The support tells you the number of actual occurences of the class in the specified dataset. We can see the support for high risk loans is $563 + 56 = 619$ because the actual occurences of healthy loans in the data set is the sum of the True Positives and the False Negatives. 

The accuracy metric does not change if we swap high-risk/healthy loans for 0/1. So the accuracy remains around 99.2%.

----------------------------------

Conclusion:

Without more knowledge of the standards of the banking industry, it is hard to say how impactful these metrics are. But the most signifcant results seem to stem from treating the minority population - the high risk loans - as the "positive" value for the prediction. This leads us to insightful metrics for precision and recall. The precision of our predictions for high risk loans was 85%, which tells us that out of 100 loans that we predict to be high risk, 85% are actually high risk.
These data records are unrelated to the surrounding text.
(* Let $R$ be a ring, $*\in\{l,r,\emptyset\}$, and $S_1,\dots,S_n\in\mathbb{L}_*(R)$. Let $\mathfrak{p}_i=\mathrm{ass}_R(S_i)$, $R_i=R/\mathfrak{p}_i$, and $Q_i=R\langle S_i^{-1}\rangle$ the localization of $R$ at $S_i$. Suppose the rings $Q_i$ are simple Artinian, $\bigcap_{i=1}^n\mathfrak{p}_i=0$, and $\bigcap_{j\neq i}\mathfrak{p}_j\neq0$ for each $i=1,\dots,n$. Then \begin{enumerate} \item the rings $R_i$ are semiprime $*$ Goldie rings; \item $\min(R)=\{\mathfrak{p}_1,\dots,\mathfrak{p}_n\}$; \item $Q_i\simeq Q_{*,cl}(R_i)$ for $i=1,\dots,n$ (an $R$-isomorphism); \item $S_i\subseteq\mathcal{C}(\mathfrak{p}_i)$ for $i=1,\dots,n$; \item $Q_{*,cl}(R)\simeq\prod_{i=1}^nQ_i$; \item $\mathcal{C}(\mathfrak{p}_i)\in\max\mathbb{L}_*(R)$ for all $i=1,\dots,n$. \end{enumerate}
   Context: Rings are associative with $1$. Multiplicative set: $SS\subseteq S$, $1\in S$, $0\notin S$. $R\langle S^{-1}\rangle=R\langle X_S\rangle/I_S$ ($R\langle X_S\rangle$ freely generated by $R$ and noncommuting $x_s$; $I_S$ generated by $sx_s-1,x_ss-1$); $\mathrm{ass}_R(S)=\ker(R\to R\langle S^{-1}\rangle)$. Left (resp. right) localizable: $R\langle S^{-1}\rangle\ne0$ and each element has the form $(x_s+I_S)(r+I_S)$ (resp. $(r+I_S)(x_s+I_S)$); localizable: both; $\mathbb{L}_l,\mathbb{L}_r,\mathbb{L}_\emptyset$ are these sets, $\max$ denotes maximal elements w.r.t. inclusion. ''$*$ Goldie'' means left Goldie, right Goldie, or (two-sided) Goldie for $*=l,r,\emptyset$. $Q_{l,cl}(A)=\mathcal{C}_A^{-1}A$, $Q_{r,cl}(A)=A\mathcal{C}_A^{-1}$, $Q_{\emptyset,cl}(A)$ the classical two-sided quotient ring, where $\mathcal{C}_A$ is the set of regular elements. $\min(R)$ is the set of minimal primes; $\mathcal{C}(\mathfrak{p})=\{c\in R:c+\mathfrak{p}\in\mathcal{C}_{R/\mathfrak{p}}\}$. *)

(* Noncommutative rings = pzRingType (associative, with 1;
   the zero ring is allowed). Subsets / ideals are Prop-valued predicates. *)
From HB Require Import structures.
From mathcomp Require Import all_boot all_order all_algebra.
Set Implicit Arguments. Unset Strict Implicit. Unset Printing Implicit Defensive.
Import GRing.Theory.
Local Open Scope ring_scope.

(* the parameter * in {l, r, empty} *)
Inductive side := sideL | sideR | sideLR.

Section RingDefs.
Variable T : pzRingType.

Definition invertible (x : T) := exists y : T, x * y = 1 /\ y * x = 1.

Definition mult_set (S : T -> Prop) :=
  S 1 /\ ~ S 0 /\ (forall s t, S s -> S t -> S (s * t)).

Definition left_ideal (I : T -> Prop) :=
  I 0 /\ (forall x y, I x -> I y -> I (x + y)) /\ (forall x, I x -> I (- x))
  /\ (forall r x, I x -> I (r * x)).
Definition right_ideal (I : T -> Prop) :=
  I 0 /\ (forall x y, I x -> I y -> I (x + y)) /\ (forall x, I x -> I (- x))
  /\ (forall r x, I x -> I (x * r)).
Definition ideal (I : T -> Prop) := left_ideal I /\ right_ideal I.

Definition left_artinian :=
  forall I : nat -> T -> Prop, (forall k, left_ideal (I k)) ->
    (forall k x, I k.+1 x -> I k x) ->
    exists m, forall k, (m <= k)%N -> forall x, I k x <-> I m x.

Definition simple_ring :=
  (1 : T) <> 0 /\
  forall I, ideal I -> (forall x, I x -> x = 0) \/ (forall x, I x).

Definition simple_artinian := simple_ring /\ left_artinian.

Definition semiprime :=
  forall A, ideal A -> (forall a b, A a -> A b -> a * b = 0) ->
    forall a, A a -> a = 0.

Definition prime_ideal (P : T -> Prop) :=
  ideal P /\ (exists x, ~ P x) /\
  forall A B, ideal A -> ideal B -> (forall a b, A a -> B b -> P (a * b)) ->
    (forall a, A a -> P a) \/ (forall b, B b -> P b).

Definition minimal_prime (P : T -> Prop) :=
  prime_ideal P /\
  forall P', prime_ideal P' -> (forall x, P' x -> P x) -> forall x, P x -> P' x.

Definition lann (X : T -> Prop) : T -> Prop := fun r => forall x, X x -> r * x = 0.
Definition rann (X : T -> Prop) : T -> Prop := fun r => forall x, X x -> x * r = 0.

Definition acc_lann :=
  forall X : nat -> T -> Prop,
    (forall k x, lann (X k) x -> lann (X k.+1) x) ->
    exists m, forall k, (m <= k)%N -> forall x, lann (X k) x <-> lann (X m) x.
Definition acc_rann :=
  forall X : nat -> T -> Prop,
    (forall k x, rann (X k) x -> rann (X k.+1) x) ->
    exists m, forall k, (m <= k)%N -> forall x, rann (X k) x <-> rann (X m) x.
This means that about 15% of the loans we predict to be high risk are actually healthy loans, which eats in to potential profit.

Recall however feels more impactful. The recall in this case told us that out of 100 loans that are actually high risk, we predicted 91 of those high risk loans. Essentially, this model is able to capture 91% of the high risk loans, which allows us to avoid more bad investments. 

Without knowledge of the volumne, size, and interest rates of these loans though, it's hard to advise further actions.